Friday, August 3, 2007 11:01 AM

fwiw, aside from a few "groaner" moment, the NYT generally really liked this movie ...

particularly Anne Hathaway and just generally the gentile "tone" and the depiction of the desperation of shabby-gentile woman with regard to marriage (something that awful dreadful what-this-woman-needs-is-a-husband Pride and Prejudice remake utterly ignored)..

Sounds like a more than pleasant way to spend a couple of hours ... aside from a couple of "groaner" moments ...

Friday, August 3, 2007 11:54 AM

I'm Laughing at Your Ignorance

"genteel, tasteful Harlequin romance"

Have you ever read one? I doubt it.

Please refrain from using comparisons when you are ignorant about what you're citing.

It's clear that you despise romance, that you despise romantics, and that you despise this movie. Your comments on this movie's merits as art may be dead on, but I question your credentials about the rest of what you've said.

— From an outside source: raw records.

(* Let $H$ be a real Hilbert space and $\{C_\alpha\}_{\alpha\in\Omega}$ ($|\Omega|\ge2$) a family of closed convex subsets of $H$ whose intersection $C=\bigcap_\alpha C_\alpha$ is nonempty and has affine hull dense in $H$. Then for every starting element $x_0\in H$ and every sequence $\{t_n\}\subset[0,1]$ of weakness parameters, every sequence $\{x_n\}$ of remote projections onto $\{C_\alpha\}$ converges weakly.
   Context: $P_\alpha$ is the metric projection onto $C_\alpha$. A sequence of remote projections with weakness parameters $t_n\in[0,1]$ starting at $x_0$: $x_{n+1}=P_{\alpha(n)}x_n$, where $\alpha(n)\in\Omega$ is any index with $\mathrm{dist}(x_n,C_{\alpha(n)})\ge t_n\sup_\alpha\mathrm{dist}(x_n,C_\alpha)$; if $t_n=1$ for some $n$ it is required that $\max_\alpha\mathrm{dist}(x,C_\alpha)$ is attained for every $x\in H$. *)

From HB Require Import structures.
From mathcomp Require Import all_boot all_order all_algebra.
From mathcomp Require Import all_classical all_reals all_analysis.
Set Implicit Arguments. Unset Strict Implicit. Unset Printing Implicit Defensive.
Import Order.TTheory GRing.Theory Num.Theory.
Import numFieldNormedType.Exports.
Local Open Scope classical_set_scope.
Local Open Scope ring_scope.

Definition is_inner_product (R : realType) (H : normedModType R)
  (ip : H -> H -> R) : Prop :=
  [/\ forall x y, ip x y = ip y x,
      forall a x y z, ip (a *: x + y) z = a * ip x z + ip y z &
      forall x, ip x x = `|x| ^+ 2].

Definition convex_subset (R : realType) (H : normedModType R) (A : set H) :=
  forall x y (l : R), A x -> A y -> 0 <= l -> l <= 1 ->
    A (l *: x + (1 - l) *: y).

Definition affine_hull (R : realType) (H : normedModType R) (A : set H) : set H :=
  [set z | exists (n : nat) (p : 'I_n -> H) (w : 'I_n -> R),
     [/\ forall i, A (p i), \sum_(i < n) w i = 1 &
         z = \sum_(i < n) w i *: p i]].

Definition dist_set (R : realType) (H : normedModType R) (x : H) (A : set H) : R :=
  inf [set `|x - y| | y in A].

Definition is_metric_proj (R : realType) (H : normedModType R)
  (A : set H) (x p : H) : Prop :=
  A p /\ forall y, A y -> `|x - p| <= `|x - y|.

Definition sup_dist (R : realType) (H : normedModType R) (Omega : Type)
  (C : Omega -> set H) (x : H) : R :=
  sup [set dist_set x (C a) | a in [set: Omega]].

Definition remote_projections (R : realType) (H : normedModType R)
  (Omega : Type) (C : Omega -> set H) (t : nat -> R) (x0 : H)
  (x : nat -> H) : Prop :=
  [/\ forall n, 0 <= t n <= 1,
      (exists n, t n = 1) ->
        (forall y : H, exists a, dist_set y (C a) = sup_dist C y),
      x 0%N = x0 &
      exists alpha : nat -> Omega, forall n,
        t n * sup_dist C (x n) <= dist_set (x n) (C (alpha n)) /\
        is_metric_proj (C (alpha n)) (x n) (x n.+1)].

Friday, August 3, 2007 05:59 PM

What makes you think Jane Austen was a Jane Austen character?

Maybe she was an earthly loud type who liked to hoist a few with the stablehands on her downtime. Maybe she was gay.

Saturday, August 4, 2007 06:26 AM

Saw it-- it's charming and unexpectedly moving

I don't know why Stephanie is so dismissive of this film. It's not Harlequin-romance-like at all. The performances are uniformly good (even Hathaway, whose big, weepy eyes are part of her charm here) and the plot revolves not so much around love as the thwarting of it: by conventions, resources, even death.

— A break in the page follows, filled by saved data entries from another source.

(* E[K(Delta, Delta')], Delta' conditionally independent copy given Z:
   E[K(Delta,Delta')] = E[ E[K(Delta,Delta') | Delta, Z] ]
                      = sum_i pi_i \int sum_j K(i,j) P(Delta'=j | Z=z) dRm_i(z). *)
Definition EK_cond d (T : measurableType d) (R : realType) (M : nat)
    (pi : 'I_M -> R) (K : 'I_M -> 'I_M -> R)
    (Rm : 'I_M -> {measure set T -> \bar R}) : R :=
  let q := cond_prob pi Rm in
  \sum_(i < M) pi i *
    fine (\int[Rm i]_z (\sum_(j < M) K i j * q j z)%:E)%E.

Definition EK_diag (R : realType) (M : nat) (pi : 'I_M -> R)
    (K : 'I_M -> 'I_M -> R) : R :=
  \sum_(i < M) pi i * K i i.

Definition EK_indep (R : realType) (M : nat) (pi : 'I_M -> R)
    (K : 'I_M -> 'I_M -> R) : R :=
  \sum_(i < M) \sum_(j < M) pi i * pi j * K i j.

Definition KMD d (T : measurableType d) (R : realType) (M : nat)
    (pi : 'I_M -> R) (K : 'I_M -> 'I_M -> R)
    (Rm : 'I_M -> {measure set T -> \bar R}) : R :=
  (EK_cond pi K Rm - EK_indep pi K) / (EK_diag pi K - EK_indep pi K).

(* Write r for the conditional probabilities r_j(z) = P(Delta = j | Z = z)
   attached to measures R_1, ..., R_M.  By their defining property,
   sum_i pi_i \int f_i dR_i = sum_i pi_i \int sum_j r_j f_j dR_i, so
   E[K(Delta, Delta')] = sum_i pi_i \int (K r)_i dR_i = sum_i pi_i \int r^T K r dR_i.
   Since K is positive semidefinite, 2 r^T K q - q^T K q <= r^T K r, hence
   E[K(Delta, Delta')] is the maximum over bounded q of
     T_R(q) = sum_i pi_i \int (2 (K q)_i - q^T K q) dR_i,
   attained at q = r.  For fixed q, T_R(q) is linear in the R_i, and each
   P_i = \int kappa_i(w) dmu_W(w) mixes the conditional laws of Y_i given W;
   so, with q the conditional probabilities attached to P_1, ..., P_M,
     E[K(Delta, Delta')](P) = T_P(q) = E_W[T_{Y|W}(q)]
                            <= E_W[E[K(Delta, Delta')](Y|W)].
   The other two terms of the KMD do not depend on the measures, and the KMD
   is an increasing affine function of E[K(Delta, Delta')]. *)

From HB Require Import structures.
From mathcomp Require Import all_boot all_order all_algebra.
From mathcomp Require Import all_classical all_reals all_analysis.
From mathcomp Require Import measurable_realfun.
From mathcomp Require Import ring lra.
Set Implicit Arguments. Unset Strict Implicit. Unset Printing Implicit Defensive.
Import Order.TTheory GRing.Theory Num.Theory.
Local Open Scope classical_set_scope.
Local Open Scope ring_scope.

Lemma measurable_funV d (T : measurableType d) (R : realType) (f : T -> R) :
  measurable_fun setT f -> measurable_fun setT (fun x => (f x)^-1).
Proof.
move=> mf; apply: (measurableT_comp _ mf).
have -> : [set: R] = [set 0] `|` ~` [set 0] by rewrite setUv.
apply/measurable_funU => //; first exact: measurableC.
split.
- move=> _ B mB; have [B0|B0] := pselect (B (0^-1)).
    rewrite (_ : _ `&` _ = [set 0])//; apply/seteqP; split => x /=.
      by case.
    by move=> ->; split.
  rewrite (_ : _ `&` _ = set0)//; apply/seteqP; split => x //=.
  by case=> -> /=.
- apply: open_continuous_measurable_fun.
    by rewrite openC; exact/accessible_closed_set1/hausdorff_accessible/Rhausdorff.
  by move=> x; rewrite inE /= => /eqP x0; exact: inv_continuous.
Qed.

Section kform.
Context (R : realType) (M : nat) (K : 'I_M -> 'I_M -> R).

Definition kmul (v : 'I_M -> R) i := \sum_(k < M) K i k * v k.

Definition kform (u v : 'I_M -> R) := \sum_(j < M) u j * kmul v j.

Lemma kform_tangent_le u v : is_kernel K ->
  2 * kform u v - kform v v <= kform u u.
Proof.
move=> [Ksym Kpsd].
have kformC w w' : kform w w' = kform w' w.
  rewrite /kform /kmul; under eq_bigr do rewrite mulr_sumr.
  rewrite exchange_big; apply: eq_bigr => k _; rewrite mulr_sumr.
  by apply: eq_bigr => j _; rewrite Ksym; ring.
have kformBl w w' w'' : kform (w - w') w'' = kform w w'' - kform w' w''.
  by rewrite /kform -sumrB; apply: eq_bigr => j _; rewrite mulrBl.
have kformBr w w' w'' : kform w (w' - w'') = kform w w' - kform w w''.
  rewrite /kform /kmul -sumrB; apply: eq_bigr => j _; rewrite -mulrBr; congr (_ * _).
  by rewrite -sumrB; apply: eq_bigr => k _; rewrite mulrBr.
have : 0 <= kform (u - v) (u - v).
  have := Kpsd (u - v); congr (_ <= _); apply: eq_bigr => j _.
  by rewrite /kmul mulr_sumr; apply: eq_bigr => k _; ring.
rewrite kformBl !kformBr (kformC v u); lra.
Qed.

End kform.

Definition bounded_measurable d (T : measurableType d) (R : realType) (f : T -> R) :=
  measurable_fun setT f /\ exists C, forall x, `|f x| <= C.

Section bounded_measurable.
Context d (T : measurableType d) (R : realType).
Implicit Types f g : T -> R.

Lemma bounded_measurable_cst (c : R) : bounded_measurable (fun _ : T => c).
Proof. by split; [exact: measurable_cst | exists `|c|]. Qed.

Lemma bounded_measurableD f g : bounded_measurable f -> bounded_measurable g ->
  bounded_measurable (fun x => f x + g x).
Proof.
move=> [mf [C HC]] [mg [D HD]]; split; first exact: measurable_funD.
by exists (C + D) => x; apply: le_trans (ler_normD _ _) _; exact: lerD.
Qed.

Lemma bounded_measurableM f g : bounded_measurable f -> bounded_measurable g ->
  bounded_measurable (fun x => f x * g x).
Proof.
move=> [mf [C HC]] [mg [D HD]]; split; first exact: measurable_funM.
by exists (C * D) => x; rewrite normrM; exact: ler_pM.
Qed.

Lemma bounded_measurableB f g : bounded_measurable f -> bounded_measurable g ->
  bounded_measurable (fun x => f x - g x).
Proof.
move=> hf [mg [D HD]]; apply: bounded_measurableD => //; split.
  exact: measurableT_comp.
by exists D => x; rewrite normrN.
Qed.

Lemma bounded_measurable_sum (I : Type) (s : seq I) (F : I -> T -> R) :
  (forall i, bounded_measurable (F i)) ->
  bounded_measurable (fun x => \sum_(i <- s) F i x).
Proof.
move=> hF; elim: s => [|a s IH].
  by under eq_fun do rewrite big_nil; exact: bounded_measurable_cst.
by under eq_fun do rewrite big_cons; exact: bounded_measurableD.
Qed.

Lemma bounded_measurable_shift f : bounded_measurable f ->
  exists2 C, 0 <= C & forall x, 0 <= f x + C.
Proof.
move=> [_ [C HC]]; exists `|C| => // x.
by have := HC x; rewrite ler_norml => /andP[+ _]; have := ler_norm C; lra.
Qed.

Lemma bounded_measurable_kmul (M : nat) (K : 'I_M -> 'I_M -> R)
    (v : 'I_M -> T -> R) i : (forall k, bounded_measurable (v k)) ->
  bounded_measurable (fun x => kmul K (v ^~ x) i).
Proof.
move=> hv; apply: bounded_measurable_sum => k.
exact/bounded_measurableM/hv/bounded_measurable_cst.
Qed.

Lemma bounded_measurable_kform (M : nat) (K : 'I_M -> 'I_M -> R)
    (u v : 'I_M -> T -> R) :
  (forall j, bounded_measurable (u j)) -> (forall k, bounded_measurable (v k)) ->
  bounded_measurable (fun x => kform K (u ^~ x) (v ^~ x)).
Proof.
move=> hu hv; apply: bounded_measurable_sum => j.
exact/bounded_measurableM/bounded_measurable_kmul.
Qed.

Variable mu : {measure set T -> \bar R}.
Hypothesis mu1 : mu setT = 1%E.

Lemma bounded_measurable_integrable f : bounded_measurable f ->
  mu.-integrable setT (EFin \o f).
Proof.
move=> [mf [C HC]]; apply: measurable_bounded_integrable => //.
  by rewrite mu1 ltry.
exists C; split; first by rewrite num_real.
by move=> M CM x _; apply: le_trans (HC x) (ltW CM).
Qed.

Local Notation Rint := (Rintegral mu setT).

Lemma Rintegral_cst1 (c : R) : Rint (fun _ => c) = c.
Proof. by rewrite Rintegral_cst// mu1 /= mulr1. Qed.

Lemma RintegralE f : bounded_measurable f -> (Rint f)%:E = (\int[mu]_x (f x)%:E)%E.
Proof.
move=> hf; rewrite /Rintegral fineK//.
by apply: integrable_fin_num => //; exact: bounded_measurable_integrable.
Qed.

Lemma RintegralD_bm f g : bounded_measurable f -> bounded_measurable g ->
  Rint (fun x => f x + g x) = Rint f + Rint g.
Proof. by move=> hf hg; rewrite RintegralD//; exact: bounded_measurable_integrable. Qed.

Lemma RintegralB_bm f g : bounded_measurable f -> bounded_measurable g ->
  Rint (fun x => f x - g x) = Rint f - Rint g.
Proof. by move=> hf hg; rewrite RintegralB//; exact: bounded_measurable_integrable. Qed.

Lemma RintegralZl_bm (c : R) f : bounded_measurable f ->
  Rint (fun x => c * f x) = c * Rint f.
Proof. by move=> hf; rewrite RintegralZl//; exact: bounded_measurable_integrable. Qed.

Lemma Rintegral_sum_bm (I : Type) (s : seq I) (F : I -> T -> R) :
  (forall i, bounded_measurable (F i)) ->
  Rint (fun x => \sum_(i <- s) F i x) = \sum_(i <- s) Rint (F i).
Proof.
move=> hF; elim: s => [|a s IH].
  by under eq_Rintegral do rewrite big_nil; rewrite Rintegral_cst1 big_nil.
under eq_Rintegral do rewrite big_cons.
by rewrite RintegralD_bm ?IH ?big_cons//; exact: bounded_measurable_sum.
Qed.

Lemma le_Rintegral_bm f g : bounded_measurable f -> bounded_measurable g ->
  (forall x, f x <= g x) -> Rint f <= Rint g.
Proof.
by move=> hf hg fg; apply: le_Rintegral => //; exact: bounded_measurable_integrable.
Qed.

Lemma normr_Rintegral_le f (C : R) : measurable_fun setT f ->
  (forall x, `|f x| <= C) -> `|Rint f| <= C.
Proof.
move=> mf HC; have hf : bounded_measurable f by split => //; exists C.
apply: le_trans (le_normr_Rintegral measurableT (bounded_measurable_integrable hf)) _.
rewrite -[leRHS]Rintegral_cst1; apply: le_Rintegral_bm => //.
- split; first exact: measurableT_comp.
  by have [_ [D HD]] := hf; exists D => x; rewrite normr_id.
- exact: bounded_measurable_cst.
Qed.

End bounded_measurable.
Arguments bounded_measurable_cst {d T R}.

Section kernel_snd.
Context dX dY dZ (X : measurableType dX) (Y : measurableType dY)
  (Z : measurableType dZ) (R : realType) (k : R.-pker Y ~> Z).

Definition kernel_snd : X * Y -> {measure set Z -> \bar R} := k \o snd.

Let measurable_kernel_snd U : measurable U ->
  measurable_fun [set: X * Y] (kernel_snd ^~ U).
Proof. by move=> mU; exact: (measurableT_comp (measurable_kernel k U mU)). Qed.

HB.instance Definition _ :=
  isKernel.Build _ _ _ _ _ kernel_snd measurable_kernel_snd.

Let kernel_snd_prob xy : kernel_snd xy [set: Z] = 1%E.
Proof. exact: prob_kernel. Qed.

HB.instance Definition _ :=
  Kernel_isProbability.Build _ _ _ _ _ kernel_snd kernel_snd_prob.

End kernel_snd.

Section probability_kernel_integral.
Context dW (TW : measurableType dW) dZ (Z : measurableType dZ) (R : realType).
Variable k : R.-pker TW ~> Z.

Lemma bounded_measurable_Rintegral_kernel h : bounded_measurable h ->
  bounded_measurable (fun w => Rintegral (k w) setT h).
Proof.
move=> hh; have [C _ hC0] := bounded_measurable_shift hh.
have [_ [B hB]] := hh.
have hC := bounded_measurableD hh (bounded_measurable_cst C).
have k1 w : k w setT = 1%E by exact: prob_kernel.
split; last by exists B => w; case: hh => mh _; exact: normr_Rintegral_le.
have kE w : (\int[k w]_z (h z + C)%:E)%E = (Rintegral (k w) setT h + C)%:E.
  rewrite -RintegralE// RintegralD_bm ?Rintegral_cst1//.
  exact: bounded_measurable_cst.
have mkC : measurable_fun setT (fun w => Rintegral (k w) setT h + C).
  apply/measurable_EFinP; rewrite (_ : _ \o _ = fun w => \int[k w]_z (h z + C)%:E)%E.
    apply: measurable_fun_integral_kernel; first exact: measurable_kernel.
      by move=> z; rewrite lee_fin.
    by apply/measurable_EFinP; case: hC.
  by apply/funext => w; rewrite /= kE.
rewrite (_ : (fun w => _) = fun w => Rintegral (k w) setT h + C - C).
  exact/measurable_funB.
by apply/funext => w; rewrite addrK.
Qed.

End probability_kernel_integral.

Section disintegration.
Context dW (TW : measurableType dW) dZ (Z : measurableType dZ) (R : realType).
Variables (muW : probability TW R) (k : R.-pker TW ~> Z)
  (m : {measure set Z -> \bar R}).
Hypothesis mE : forall B, measurable B -> m B = (\int[muW]_w k w B)%E.

(* [m] is the composition of the constant kernel [muW] with [k]. *)
Lemma ge0_integral_disintegration f : (forall z, 0 <= f z)%E ->
  measurable_fun setT f -> (\int[m]_z f z = \int[muW]_w \int[k w]_z f z)%E.
Proof.
move=> f0 mf.
have mmuW : measurable_fun [set: unit] (fun=> muW : pprobability TW R).
  exact: measurable_cst.
rewrite (eq_measure_integral (kcomp (kprobability mmuW) (kernel_snd (X := unit) k) tt)).
  by rewrite integral_kcomp.
by move=> B mB _; rewrite mE.
Qed.

Lemma Rintegral_disintegration h : bounded_measurable h ->
  Rintegral m setT h = Rintegral muW setT (fun w => Rintegral (k w) setT h).
Proof.
move=> hh; have [C _ hC0] := bounded_measurable_shift hh.
have hC := bounded_measurableD hh (bounded_measurable_cst C).
have hk := bounded_measurable_Rintegral_kernel k hh.
have muW1 : muW setT = 1%E by exact: probability_setT.
have k1 w : k w setT = 1%E by exact: prob_kernel.
have m1 : m setT = 1%E.
  by rewrite mE// (eq_integral (cst 1%E)) ?integral_cst ?mul1e// => w _; exact: k1.
have shiftE d' (T' : measurableType d') (mu : {measure set T' -> \bar R}) f :
    mu setT = 1%E -> bounded_measurable f ->
    Rintegral mu setT f + C = Rintegral mu setT (fun x => f x + C).
  move=> mu1 hf; rewrite RintegralD_bm ?Rintegral_cst1//.
  exact: bounded_measurable_cst.
apply: (addIr C); apply: EFin_inj.
rewrite !shiftE// !RintegralE//; last exact/bounded_measurableD/bounded_measurable_cst.
rewrite ge0_integral_disintegration//; last by apply/measurable_EFinP; case: hC.
apply: eq_integral => w _.
by rewrite -RintegralE// RintegralD_bm ?Rintegral_cst1//; exact: bounded_measurable_cst.
Qed.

So what if it wildly embellishes Austen's life? True, it does try a bit too hard to link Austen's life with her art, which is its weakest feature. But the parallels between the known facts of Austen's life and her work are easy to draw.

Go see this film...it's entertaining and moving, and so what if it's pretty to look at?

If nothing else, you'll be treated to Maggie Smith providing a couple of her typically brilliant line readings. Brava!

Saturday, August 4, 2007 10:17 AM

Spence's book...and Tom Jones

I am on my way to see the film today (let you know how that turns out) but I have read the non-fiction book on which the movie was reportedly based.

Spence's book is a very interesting piece of pop-history woven with literary criticism. He takes all the familiar sources of information on Austen's life (family wills, letters, family-penned bios) and re-interprets them with an eye toward Austen's novels, and the ways in which Austen's family and personal lives made their way into them.

Spence makes a good case for an Austen-LeFroy romance. What I like best about his book is that he always indicates where something is "fact" (that is, a piece of information both recorded historically by more than one contemporary source and triangulated by family members' letters, etc) and where it is his own or even potentially an Austen family member's conjecture. Readers can choose to reject some of his (or an Austen family member 's) claims, but if we do so, it is because we are not convinced by the evidence, not merely because we dislike his argument.

I will have to presume that Zacharek has not read Spence's book; otherwise, I think her review would have both mentioned her opinion of it and been less dismissive of an Austen-LeFroy romance (of course, I do not know how the romance is construed in the movie, but Spence never claims sex or even marriage proposals were involved).

By the way, it is a well-documented (albeit not mentioned in Spence) fact that *Tom Jones* was considered too risque for unmarried women of the early to mid 19th century; the novel was kept out of their way on purpose by relatives and guardians. In fact, jokes were often made about how young women newly wed would exclaim "Now I can read Tom Jones!" I don't know how the movie presents Austen's introduction to TJ, but it is entirely likely that an unmarried woman of the age WOULD have been surprised/excited by the chance to read it.

(And the other letter-commentator correctly noted Spence's largely substantiated argument that LeFroy talked often of Tom Jones and Austen named at least one character in every novel after characters in TJ.)